* _To do_:
Having found the line that contains "exact (orecognizes_right_factor h_morph", please retype only it and every line after it up to the end of the entries, exactly as written.

* _Input data_:
= Beginning of Section =
(* Let $\Delta\subseteq\Sigma$ for a finite alphabet $\Sigma$, and let $L\subseteq\Sigma^\omega$ be an aperiodic language such that each string in $L$ contains exactly one occurrence of a symbol from $\Delta$. Then $L$ can be written as a finite union of disjoint languages $R_\ell\, a\, R_r$ where $a\in\Delta$, $R_\ell\subseteq(\Sigma\setminus\Delta)^*$ and $R_r\subseteq(\Sigma\setminus\Delta)^\omega$. Moreover $R_\ell$ and $R_r$ are aperiodic.
   Context: A finite monoid $M$ is aperiodic if there is $n$ with $x^n=x^{n+1}$ for all $x\in M$. A language $K\subseteq\Sigma^*$ is aperiodic if it is recognized by a morphism $h:\Sigma^*\to M$ to a finite aperiodic monoid (i.e. $K=h^{-1}(h(K))$). For $\omega$-languages: given a morphism $h:\Sigma^*\to M$ to a finite monoid, $\omega$-strings $u,v$ are $h$-similar if they factor as $u=u_1u_2\cdots$, $v=v_1v_2\cdots$ with $u_i,v_i\in\Sigma^+$ and $h(u_i)=h(v_i)$; let $\cong$ be its transitive closure; $h$ recognizes $L\subseteq\Sigma^\omega$ if $w\in L$ and $u\cong w$ imply $u\in L$; $L$ is aperiodic if recognized by a morphism to a finite aperiodic monoid. *)

From mathcomp Require Import all_boot.
Set Implicit Arguments. Unset Strict Implicit. Unset Printing Implicit Defensive.

Record finMonoid := FinMonoid {
  mcarrier :> finType;
  mmul : mcarrier -> mcarrier -> mcarrier;
  mone : mcarrier;
  mmulA : forall x y z, mmul x (mmul y z) = mmul (mmul x y) z;
  mmul1 : forall x, mmul mone x = x;
  mmul1r : forall x, mmul x mone = x }.

Definition mpow (M : finMonoid) (x : M) (n : nat) : M := iter n (mmul x) (mone M).

Definition aperiodic_monoid (M : finMonoid) : Prop :=
  exists n : nat, forall x : M, mpow x n = mpow x n.+1.

Definition is_morphism (Sigma : finType) (M : finMonoid) (h : seq Sigma -> M) : Prop :=
  h [::] = mone M /\ forall u v, h (u ++ v) = mmul (h u) (h v).

(* Finite-word languages K ⊆ Sigma^*; K = h^{-1}(h(K)). *)
Definition recognizes (Sigma : finType) (M : finMonoid) (h : seq Sigma -> M)
  (K : seq Sigma -> Prop) : Prop :=
  forall u v, h u = h v -> K u -> K v.

Definition aperiodic_lang (Sigma : finType) (K : seq Sigma -> Prop) : Prop :=
  exists (M : finMonoid) (h : seq Sigma -> M),
    aperiodic_monoid M /\ is_morphism h /\ recognizes h K.

Definition oword (Sigma : Type) := nat -> Sigma.

(* A factorization w = w_0 w_1 ... into nonempty finite words is given by
   strictly increasing cut points c with c 0 = 0; w_i = w[c i, c (i+1)). *)
Definition cut_points (c : nat -> nat) : Prop :=
  c 0 = 0 /\ forall i, c i < c i.+1.

Definition segment (Sigma : Type) (w : oword Sigma) (c : nat -> nat) (i : nat)
  : seq Sigma := mkseq (fun j => w (c i + j)) (c i.+1 - c i).

Definition hsimilar (Sigma : finType) (M : finMonoid) (h : seq Sigma -> M)
  (u v : oword Sigma) : Prop :=
  exists cu cv, cut_points cu /\ cut_points cv /\
    forall i, h (segment u cu i) = h (segment v cv i).

Inductive hcong (Sigma : finType) (M : finMonoid) (h : seq Sigma -> M)
  : oword Sigma -> oword Sigma -> Prop :=
| hcong_step u v : hsimilar h u v -> hcong h u v
| hcong_trans u v w : hcong h u v -> hcong h v w -> hcong h u w.

Definition orecognizes (Sigma : finType) (M : finMonoid) (h : seq Sigma -> M)
  (L : oword Sigma -> Prop) : Prop :=
  forall w u, L w -> hcong h u w -> L u.

Definition aperiodic_olang (Sigma : finType) (L : oword Sigma -> Prop) : Prop :=
  exists (M : finMonoid) (h : seq Sigma -> M),
    aperiodic_monoid M /\ is_morphism h /\ orecognizes h L.

Definition ocat (Sigma : Type) (u : seq Sigma) (x : oword Sigma) : oword Sigma :=
  fun k => if k < size u then nth (x 0) u k else x (k - size u).

Definition in_concat (Sigma : finType) (Rl : seq Sigma -> Prop) (a : Sigma)
  (Rr : oword Sigma -> Prop) (w : oword Sigma) : Prop :=
  exists u x, Rl u /\ Rr x /\ w =1 ocat (rcons u a) x.

From mathcomp Require Import all_boot.
From mathcomp Require Import zify.

Set Implicit Arguments. Unset Strict Implicit. Unset Printing Implicit Defensive.

(* Index the pieces by pairs (a, m) with a in Delta and m in M, where h : Sigma^* -> M
   recognizes L: R_l(a, m) collects the prefixes u with h u = m that occur in front of
   a in a word of L, and R_r(a, m) the corresponding suffixes.  Since the Delta-letter
   of a word of L is unique, each word of L splits as u a x in exactly one way, which
   gives the union and its disjointness.  Replacing u by u' with h u = h u' in u a x
   yields an h-similar word, so both R_l(a, m) and R_r(a, m) are again recognized by h. *)

Section OwordConcat.
Variable Sigma : finType.
Implicit Types (p u v : seq Sigma) (x y w : oword Sigma).

Lemma ocat_shift p x k : ocat p x (size p + k) = x k.
Proof. by rewrite /ocat ltnNge leq_addr /= addKn. Qed.

Lemma mkseq_ocat p x n : mkseq (ocat p x) (size p + n) = p ++ mkseq x n.
Proof.
rewrite /mkseq iotaD map_cat add0n; congr (_ ++ _).
  rewrite -[RHS](mkseq_nth (x 0)) /mkseq; apply/eq_in_map => j.
  by rewrite mem_iota add0n /ocat => /= ->.
by rewrite -[size p]addn0 iotaDl -map_comp; apply: eq_map => j /=; rewrite ocat_shift.
Qed.

Lemma ocat_rcons_lt u a x j d : j < size u -> ocat (rcons u a) x j = nth d u j.
Proof.
move=> lt_j; rewrite /ocat size_rcons ltnS (ltnW lt_j) nth_rcons lt_j.
exact: set_nth_default.
Qed.

Lemma ocat_rcons_size u a x : ocat (rcons u a) x (size u) = a.
Proof. by rewrite /ocat size_rcons ltnSn nth_rcons ltnn eqxx. Qed.

Lemma ocat_rcons_inj u v a b x y : size u = size v ->
  ocat (rcons u a) x =1 ocat (rcons v b) y -> u = v /\ a = b.
Proof.
move=> eq_size E.
suff /eqP : rcons u a = rcons v b by rewrite eqseq_rcons => /andP[/eqP-> /eqP->].
rewrite -[rcons u a]cats0 -[rcons v b]cats0 -(mkseq_ocat _ x 0) -(mkseq_ocat _ y 0).
by rewrite !size_rcons eq_size; apply: eq_mkseq.
Qed.

Lemma oword_split w k : w =1 ocat (rcons (mkseq w k) (w k)) (fun j => w (k.+1 + j)).
Proof.
move=> j; rewrite /ocat size_rcons size_mkseq nth_rcons size_mkseq.
case: (ltngtP j k) => [lt_jk|gt_jk|->].
- by rewrite ltnS (ltnW lt_jk) nth_mkseq.
- by rewrite ltnNge gt_jk /=; congr (w _); lia.
- by rewrite ?ltnSn ?ltnn ?eqxx.
Qed.

(* Cut points for [ocat p x] obtained from those of [x]: all but the first are moved
   by [n = size p], so that [p] is absorbed into the first segment. *)
Definition shift_cuts (n : nat) (c : nat -> nat) : nat -> nat :=
  fun j => if j is 0 then 0 else n + c j.

Lemma cut_points_shift n c : cut_points c -> cut_points (shift_cuts n c).
Proof.
move=> [c0 c_incr]; split=> // [[|i]] /=; last by rewrite ltn_add2l.
by have := c_incr 0; rewrite c0; lia.
Qed.

Lemma segment_ocat_head p x c : c 0 = 0 ->
  segment (ocat p x) (shift_cuts (size p) c) 0 = p ++ segment x c 0.
Proof. by move=> c0; rewrite /segment /= c0 !subn0 -mkseq_ocat. Qed.

Lemma segment_ocat_shift p x c i :
  segment (ocat p x) (shift_cuts (size p) c) i.+1 = segment x c i.+1.
Proof. by rewrite /segment /= subnDl; apply: eq_mkseq => j; rewrite -addnA ocat_shift. Qed.

End OwordConcat.

Section HCongruence.
Variables (Sigma : finType) (M : finMonoid) (h : seq Sigma -> M).
Hypothesis h_morph : is_morphism h.

Lemma hsimilar_eq (x y : oword Sigma) : x =1 y -> hsimilar h x y.
Proof.
move=> E; exists id, id; split; [by []|split; [by []|]] => i.
by congr (h _); apply: eq_mkseq => j; rewrite E.
Qed.

Lemma hsimilar_ocat p q x y : h p = h q -> hsimilar h x y ->
  hsimilar h (ocat p x) (ocat q y).
Proof.
move=> hpq [cx [cy [cut_x [cut_y E]]]].
exists (shift_cuts (size p) cx), (shift_cuts (size q) cy).
split; [exact: cut_points_shift | split; [exact: cut_points_shift |]].
case=> [|i]; last by rewrite !segment_ocat_shift.
by rewrite !segment_ocat_head ?cut_x.1 ?cut_y.1 // !h_morph.2 hpq E.
Qed.

Lemma hcong_ocat p (x y : oword Sigma) : hcong h x y -> hcong h (ocat p x) (ocat p y).
Proof.
elim=> [u v sim_uv|u v w _ IHuv _ IHvw]; last exact: hcong_trans IHuv IHvw.
exact/hcong_step/hsimilar_ocat.
Qed.

Variable L : oword Sigma -> Prop.
Hypothesis recL : orecognizes h L.

Lemma orecognizes_eq w w' : L w -> w =1 w' -> L w'.
Proof. by move=> Lw E; apply: (recL Lw); apply/hcong_step/hsimilar_eq => k. Qed.

Lemma orecognizes_rcons_swap u v a x : h u = h v ->
  L (ocat (rcons u a) x) -> L (ocat (rcons v a) x).
Proof.
move=> huv Lu; apply: (recL Lu); apply/hcong_step/hsimilar_ocat => //.
  by rewrite -!cats1 !h_morph.2 huv.
exact: hsimilar_eq.
Qed.

End HCongruence.

Section Factorization.
Variables (Sigma : finType) (Delta : {set Sigma}) (M : finMonoid) (h : seq Sigma -> M).
Variable L : oword Sigma -> Prop.
Hypotheses (h_morph : is_morphism h) (recL : orecognizes h L).
Hypothesis L_one_Delta : forall w, L w -> exists! k, w k \in Delta.

Definition left_factor (p : Sigma * M) (u : seq Sigma) : Prop :=
  h u = p.2 /\ exists x, L (ocat (rcons u p.1) x).

Definition right_factor (p : Sigma * M) (x : oword Sigma) : Prop :=
  exists u, h u = p.2 /\ L (ocat (rcons u p.1) x).

Definition factor_concat (p : Sigma * M) : oword Sigma -> Prop :=
  in_concat (left_factor p) p.1 (right_factor p).

Lemma Delta_position_size u a x k : a \in Delta ->
  L (ocat (rcons u a) x) -> ocat (rcons u a) x k \in Delta -> k = size u.
Proof.
move=> aD Lw; have [k0 [_ k0_uniq]] := L_one_Delta Lw.
by move=> /k0_uniq <-; apply: k0_uniq; rewrite ocat_rcons_size.
Qed.

Lemma notin_Delta_left u a x : a \in Delta ->
  L (ocat (rcons u a) x) -> all (fun s => s \notin Delta) u.
Proof.
move=> aD Lw; apply/(all_nthP a) => j lt_j; apply/negP => jD.
have jD' : ocat (rcons u a) x j \in Delta by rewrite (ocat_rcons_lt _ _ a lt_j).
by have := Delta_position_size aD Lw jD'; lia.
Qed.

Lemma notin_Delta_right u a x k : a \in Delta ->
  L (ocat (rcons u a) x) -> x k \notin Delta.
Proof.
move=> aD Lw; apply/negP => kD.
rewrite -(ocat_shift (rcons u a)) in kD.
by have := Delta_position_size aD Lw kD; rewrite size_rcons; lia.
Qed.

Lemma factor_concat_sub p w : factor_concat p w -> L w.
Proof.
move=> [u [x [[hu _] [[v [hv Lv]] E]]]].
apply: (orecognizes_eq recL _ (fun k => esym (E k))).
by apply: (orecognizes_rcons_swap h_morph recL _ Lv); rewrite hu hv.
Qed.

Lemma factor_concat_cover w : L w ->
  exists2 p : Sigma * M, p.1 \in Delta & factor_concat p w.
Proof.
move=> Lw; have [k [kD _]] := L_one_Delta Lw.
have E := oword_split w k; have Lsplit := orecognizes_eq recL Lw E.
exists (w k, h (mkseq w k)) => //.
exists (mkseq w k), (fun j => w (k.+1 + j)).
by split; [split=> //; exists (fun j => w (k.+1 + j)) | split=> //; exists (mkseq w k)].
Qed.

Lemma factor_concat_unique p q w : p.1 \in Delta -> q.1 \in Delta ->
  factor_concat p w -> factor_concat q w -> p = q.
Proof.
move=> pD qD wp; have Lw := factor_concat_sub wp.
move: wp => [u [x [[hu _] [_ Eu]]]] [v [y [[hv _] [_ Ev]]]].
have [k [_ k_uniq]] := L_one_Delta Lw.
have size_u : k = size u by apply: k_uniq; rewrite Eu ocat_rcons_size.
have size_v : k = size v by apply: k_uniq; rewrite Ev ocat_rcons_size.
have [uv pq1] : u = v /\ p.1 = q.1.
  by apply: (ocat_rcons_inj (x := x) (y := y)); [rewrite -size_u | move=> j; rewrite -Eu].
by rewrite [p]surjective_pairing [q]surjective_pairing -hu -hv uv pq1.
Qed.

Lemma recognizes_left_factor p : recognizes h (left_factor p).
Proof.
move=> u v huv [hu [x Lx]]; split; first by rewrite -huv.
by exists x; exact (orecognizes_rcons_swap h_morph recL huv Lx).
Qed.

Lemma orecognizes_right_factor p : orecognizes h (right_factor p).
Proof.
move=> x y [u [hu Lu]] cong_yx; exists u; split=> //.
exact: recL _ _ Lu (hcong_ocat h_morph _ cong_yx).
Qed.

End Factorization.

Theorem mainTheorem8 (Sigma : finType) (Delta : {set Sigma})
  (L : oword Sigma -> Prop) :
  aperiodic_olang L ->
  (forall w, L w -> exists! k, w k \in Delta) ->
  exists (n : nat) (a : 'I_n -> Sigma) (Rl : 'I_n -> seq Sigma -> Prop)
         (Rr : 'I_n -> oword Sigma -> Prop),
    (forall i, a i \in Delta) /\
    (forall i u, Rl i u -> all (fun s => s \notin Delta) u) /\
    (forall i x, Rr i x -> forall k, x k \notin Delta) /\
    (forall w, L w <-> exists i, in_concat (Rl i) (a i) (Rr i) w) /\
    (forall i j w, i <> j -> in_concat (Rl i) (a i) (Rr i) w ->
                   ~ in_concat (Rl j) (a j) (Rr j) w) /\
    (forall i, aperiodic_lang (Rl i)) /\
    (forall i, aperiodic_olang (Rr i)).
Proof.
move=> [M [h [aper [h_morph recL]]]] L_one_Delta.
pose I := {p : Sigma * M | p.1 \in Delta}.
pose ev (i : 'I_#|{: I}|) : Sigma * M := val (enum_val i).
have evD i : (ev i).1 \in Delta := valP (enum_val i).
exists #|{: I}|, (fun i => (ev i).1), (fun i => left_factor h L (ev i)),
  (fun i => right_factor h L (ev i)).
split; [exact: evD|split].
  by move=> i u [_ [x Lx]]; exact: notin_Delta_left (evD i) Lx.
split; first by move=> i x [u [_ Lx]] k; exact: notin_Delta_right (evD i) Lx.
split.
  move=> w; split=> [Lw|[i]]; last exact: (factor_concat_sub h_morph recL (p := ev i)).
  have [p pD wp] := factor_concat_cover recL L_one_Delta Lw.
  by exists (enum_rank (exist _ p pD : I)); rewrite /ev enum_rankK.
split.
  move=> i j w neq_ij wi wj; apply/neq_ij/enum_val_inj/val_inj; change (ev i = ev j).
  exact: (factor_concat_unique h_morph recL L_one_Delta (evD i) (evD j) wi wj).
split=> i; exists M, h; split=> //; split=> //.
  exact (recognizes_left_factor h_morph recL (p := ev i)).
exact (orecognizes_right_factor h_morph recL (p := ev i)).
Qed.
= End of Section =
* _Task answer_:
exact (orecognizes_right_factor h_morph recL (p := ev i)).
Qed.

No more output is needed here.